Тоже погуглил, все понятно. Знать об этом просто так он не мог. Николас обожает искать информацию в интернете, а потом притворяться, что малоизвестный раскопанный им пустяк – распространенный факт. Смотрит по телевизору телевикторины, чтобы выпендриться (и потому что он восьмидесятилетний старик, запертый в теле диснеевского принца), каждый раз приходя в восторг, если успевает ответить правильно до участника. И всегда косится на меня, проверить, впечатлена ли я? А если мне нужно выйти из комнаты, делает паузу и ждет, пока я не вернусь, чтобы я не пропустила ни минутки сияния его гения.
На экране появляется еще сообщение.
«Как изменчиво твое мнение, от “О, мой парень подарил мне цветы” до “О, мой парень пытается меня отравить” – слишком даже для тебя. Чтоб ты знала, если бы я в самом деле хотел тебя отравить, нашел бы способ подешевле».
«Чтоб ты знала» – его способ сказать «даже ежику понятно» так, чтобы его не прибили. Если я доберусь до него раньше, чем он до меня, обязательно напишу в качестве эпитафии: «Чтоб вы знали, дурачки, после смерти волосы и ногти не растут, это миф».
На парковке «Барахолки» я осталась одна, сижу в своем четырехколесном холодильнике, наблюдаю за вылетающими облачками дыхания и боюсь ехать домой. Чтобы потянуть время, ищу значение жасмина на языке цветов, надеясь на какой-то скрытый подтекст вроде сентиментальной «тайной любви» из Викторианской эпохи.
Видов жасмина очень много. Не знаю, какой именно он прислал мне, но большинство значений романтичные, как обычно. Вряд ли Николас в курсе, что цветы вообще могут что-то означать, и вряд ли выбрал бы их именно ради символического смысла, который я узнала бы только по интернету. Вероятнее всего, он попросил девушек с ресепшена «Проснись и улыбнись» найти ближайший цветочный магазин и заказать что-нибудь из распродажи.
Я так и вижу его нахмуренное лицо. Как он качает головой. «Так непрактично». Он совершенно точно знает, сколько бензина мог залить на сумму от покупки жасмина. Сколько продуктов можно было бы купить или сколько счетов за телефоны оплатить.
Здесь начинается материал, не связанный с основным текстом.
Lemma burgers_q_identities t x u :
  Derive (fun v => pd_u U t x v) u = 0 /\
  (- (C t x * u) * pd_u U t x u * pd_x X t x u - pd_u U t x u * pd_t X t x u)
    / (pd_t T t x u * pd_x X t x u)
  + U t x u * pd_u U t x u / pd_x X t x u
  - (Derive (fun y => pd_u U t y u) x * pd_x X t x u
     - pd_u U t x u * Derive (fun y => pd_x X t y u) x) / pd_x X t x u ^ 3
  - Derive (fun v => pd_x U t x v) u / pd_x X t x u ^ 2 = 0 /\
  (pd_t U t x u * pd_x X t x u - pd_x U t x u * pd_t X t x u) / (pd_t T t x u * pd_x X t x u)
  + U t x u * pd_x U t x u / pd_x X t x u
  - (Derive (fun y => pd_x U t y u) x * pd_x X t x u
     - pd_x U t x u * Derive (fun y => pd_x X t y u) x) / pd_x X t x u ^ 3 = 0.
Proof.
  apply burgers_q_coeffs; [apply pd_t_T_neq0|apply pd_x_X_neq0|].
  intro q.
  set (p := - (C t x * u) * q).
  assert (HD : pDelta T X t x u p q <> 0).
  { rewrite pDelta_fibre, pd_u_X_eq0, Rmult_0_r, Rplus_0_r.
    apply Rmult_integral_contrapositive_currified; [apply pd_t_T_neq0|apply pd_x_X_neq0]. }
  assert (Heq : p + C t x * u * q = A2 t x * 0) by (unfold p; ring).
  pose proof (HM t x u p q 0 0 0 HD Heq) as E.
  rewrite new_ut_fibre, new_ux_fibre, new_uxx_fibre in E. unfold Dx1 in E.
  rewrite Derive_x_new_ux, Derive_u_new_ux, Derive_x_new_ux_fibre, Derive_u_new_ux_fibre,
    !Rmult_0_l, !Rplus_0_r, !pd_u_X_eq0, !Rmult_0_r, !Rplus_0_r in E.
  exact E.
Qed.

Definition U1 t x := pd_u U t x 0.
Definition U0 t x := U t x 0.

Lemma pd_u_U_eq_U1 t x u : pd_u U t x u = U1 t x.
Proof.
  apply (Derive_eq0_const (fun v => pd_u U t x v)); intro v;
    [exact (smooth3_ex_derive_u U (D3u :: nil) t x v HU)|apply burgers_q_identities].
Qed.

Lemma U_affine t x u : U t x u = U0 t x + U1 t x * u.
Proof.
  assert (Hlin : forall v, ex_derive (fun v => U1 t x * v) v)
    by (intro; apply ex_derive_scal, ex_derive_id).
  assert (H : U t x u - U1 t x * u = U t x 0 - U1 t x * 0).
  { apply (Derive_eq0_const (fun v => U t x v - U1 t x * v)); intro v.
    - apply (ex_derive_minus (fun v => U t x v) (fun v => U1 t x * v));
        [exact (smooth3_ex_derive_u U nil t x v HU)|apply Hlin].
    - rewrite Derive_minus, Derive_scal, Derive_id;
        [|exact (smooth3_ex_derive_u U nil t x v HU)|apply Hlin].
      change (pd_u U t x v - U1 t x * 1 = 0). rewrite pd_u_U_eq_U1. ring. }
  unfold U0. lra.
Qed.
Ловлю себя на сожалении, что не сохранила хоть один цветочек, но потом вспоминаю, что в этом нет никакого смысла. Вообще не стоило поднимать эту тему с цветами. Никакого удовлетворения от полученного жасмина я не испытываю, потому что его пришлось выпрашивать, и он отправил его не из любви, а из чувства долга, как своей матери. Но если Дебора вполне может каким-то образом получать от этого радость, я – нет.
Пустой жест, обвинительный приговор. Боль вместо удовольствия.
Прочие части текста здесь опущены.